Wednesday, April 18, 2012
It's been a while since I have been here. Since I have written. Since I have expressed myself... and even here it is not safe to expose all my inner demons and thoughts. Some of my friends may still check this - and that would be bad right now. If I were to expose those feelings. Those inner hurts. The things I need to deal with the most.
They attack you in nibbles, pinches, and needles. They grow in numbers until you unravel peice by peice.
So I will simply ap;oewrughpaewlrn.kjg haosriwuthkgba;wsoughbf;awe igdyv TLDSFI,.k ......................................OK so that wasn't a good idea as I almost closed the page... XD It says "voice my frustrations in jibberish!"
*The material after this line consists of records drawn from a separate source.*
Lemma g_pos x : 0 <= x <= Rr -> 0 < g x.
Proof. intros Hx. destruct (Hg x Hx). lra. Qed.

Lemma U_cont : cont_Icc 0 Rr U.
Proof.
  apply cont_Icc_of_within; [lra|]. intros x Hx.
  exact (has_deriv_within_continuous _ _ _ _ (proj1 HdU x Hx)).
Qed.

Lemma dU_cont : cont_Icc 0 Rr dU.
Proof. apply cont_Icc_of_within; [lra|exact (proj2 HdU)]. Qed.

Lemma U_deriv x : 0 < x < Rr -> is_derive U x (dU x).
Proof.
  intros Hx. apply (has_deriv_within_Icc_interior U 0 Rr x _ Hx), (proj1 HdU).
  unfold Icc; lra.
Qed.

Lemma dU_deriv x : 0 < x < Rr -> is_derive dU x (Derive_n U 2 x).
Proof.
  intros Hx. apply is_derive_ext_loc with (Derive U).
  - assert (Hd : 0 < Rmin x (Rr - x)) by (apply Rmin_pos; lra).
    exists (mkposreal _ Hd). intros y Hy. change (Rabs (y - x) < Rmin x (Rr - x)) in Hy.
    pose proof (Rmin_l x (Rr - x)). pose proof (Rmin_r x (Rr - x)). destruct (Rabs_def2 _ _ Hy).
    apply is_derive_unique, U_deriv. lra.
  - exact (Derive_correct _ _ (Hsm 2%nat x Hx)).
Qed.

Lemma IP_ge : Om <= IP.
Proof. exact (RInt_weighted_exp_ge (S n) Rr U HR U_cont HUint p). Qed.

Lemma IQ_ge : Om <= IQ.
Proof.
  unfold IQ, Iq. rewrite (RInt_ext _ (fun s => s ^ S n * exp (- q * U s))).
  - exact (RInt_weighted_exp_ge (S n) Rr U HR U_cont HUint (- q)).
  - intros x _. do 2 f_equal. ring.
Qed.

Lemma lam_pos : 0 < lam.
Proof. pose proof Om_pos. pose proof IP_ge. apply Rdiv_lt_0_compat; nra. Qed.

Lemma mu_pos : 0 < mu.
Proof. pose proof Om_pos. pose proof IQ_ge. apply Rdiv_lt_0_compat; nra. Qed.

Lemma f_mono u v : u <= v -> f u <= f v.
Proof.
  intros Huv. pose proof lam_pos. pose proof mu_pos.
  assert (exp (p * u) <= exp (p * v)) by (apply exp_le_exp; nra).
  assert (exp (- (q * v)) <= exp (- (q * u))) by (apply exp_le_exp; nra).
  unfold f. nra.
Qed.

Lemma V_deriv x : 0 < x < Rr -> is_derive V x (w x * f (U x)).
Proof.
  intros Hx. pose proof (g_pos x ltac:(lra)). pose proof Om_pos.
  pose proof IP_ge. pose proof IQ_ge.
  assert (Hf : f (U x) = eps ^ 2 * g x *
      (Derive_n U 2 x + ((INR (S (S n)) - 1) / x + Derive g x / g x) * dU x)).
  { rewrite <- (is_derive_unique _ _ _ (U_deriv x Hx)), Hode by exact Hx.
    unfold f, lam, mu, Om, IP, IQ, radial_volume in *. field. repeat split; try lra.
    apply not_0_INR; lia. }
  assert (E : w x * f (U x) = INR (S n) * x ^ n * g x * dU x + x ^ S n * Derive g x * dU x
      + x ^ S n * g x * Derive_n U 2 x).
  { rewrite Hf. unfold w. rewrite (S_INR (S n)). simpl. field. repeat split; lra. }
  rewrite E. unfold V, m.
  exact (is_derive_pow_mult n g dU x _ _ (Hgd x Hx) (dU_deriv x Hx)).
Qed.

Lemma V_Rr : V Rr = - flux n Rr A B / eps ^ 2.
Proof.
  pose proof (g_pos Rr ltac:(lra)).
  unfold V, m, flux, radial_volume. rewrite HdUR, <- (tech_pow_Rmult Rr (S n)). field.
  repeat split; try lra. apply not_0_INR; lia.
Qed.

Lemma solution_radial_flux : radial_flux Rr U dU V m w f.
Proof.
  pose proof dU_cont as HdUc. pose proof U_cont as HUc.
  split.
  - exact HR.
  - exact HUc.
  - intros x. unfold V, m. continuity_tac.
  - exact U_deriv.
  - exact V_deriv.
  - reflexivity.
  - intros x Hx. apply Rdiv_lt_0_compat; apply pow_lt; lra.
  - intros x Hx. apply Rmult_lt_0_compat; [apply pow_lt|apply g_pos]; lra.
  - unfold V, m. simpl. ring.
  - exact f_mono.
  - intros u. unfold f. continuity_tac.
  - apply (has_deriv_within_neg_right_end U 0 Rr (dU Rr) HR).
    + pose proof (g_pos Rr ltac:(lra)). rewrite HdUR. unfold Rdiv.
      apply Rmult_neg_pos; [nra|]. apply Rinv_0_lt_compat.
      repeat apply Rmult_lt_0_compat; try (apply pow_lt); try lra. apply lt_0_INR; lia.
    + apply (proj1 HdU). unfold Icc; lra.
Qed.

Let us := ln (mu / lam) / (p + q).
Anyway. I am too tired to really express anything anymore... I've been sitting here doing nothing for 45 minutes. I keep thinking about all those things bothering me. The things I don't want to tell anyone incase I hurt them, or burden them. Maybe they would say I never learn and hug me. Maybe they wouldn't understand at all. Maybe they would laught it off...
Who knows. Now I know the hurt is still there... but I am in a distant place. Away from all of that. Alone... in the empty dark place that only I know. It reminds me of that story I wrote... "The Silver Blade." I had one person call it beautiful, and another tell me to put it away and never show anyone again. If someone actually asked, I guess I would share it... Otherwise I don't really bring it up... but tonight... I guess I feel that way.
I feel like a part of me is missing, that I cannot function without it. So I'm not really living... just struggling through until I get it back. I am so selfish.
I could write forever, but I cannot. So for now, I'll keep pretending people read this... that somebody out there reads these and understands something of it. Something of me.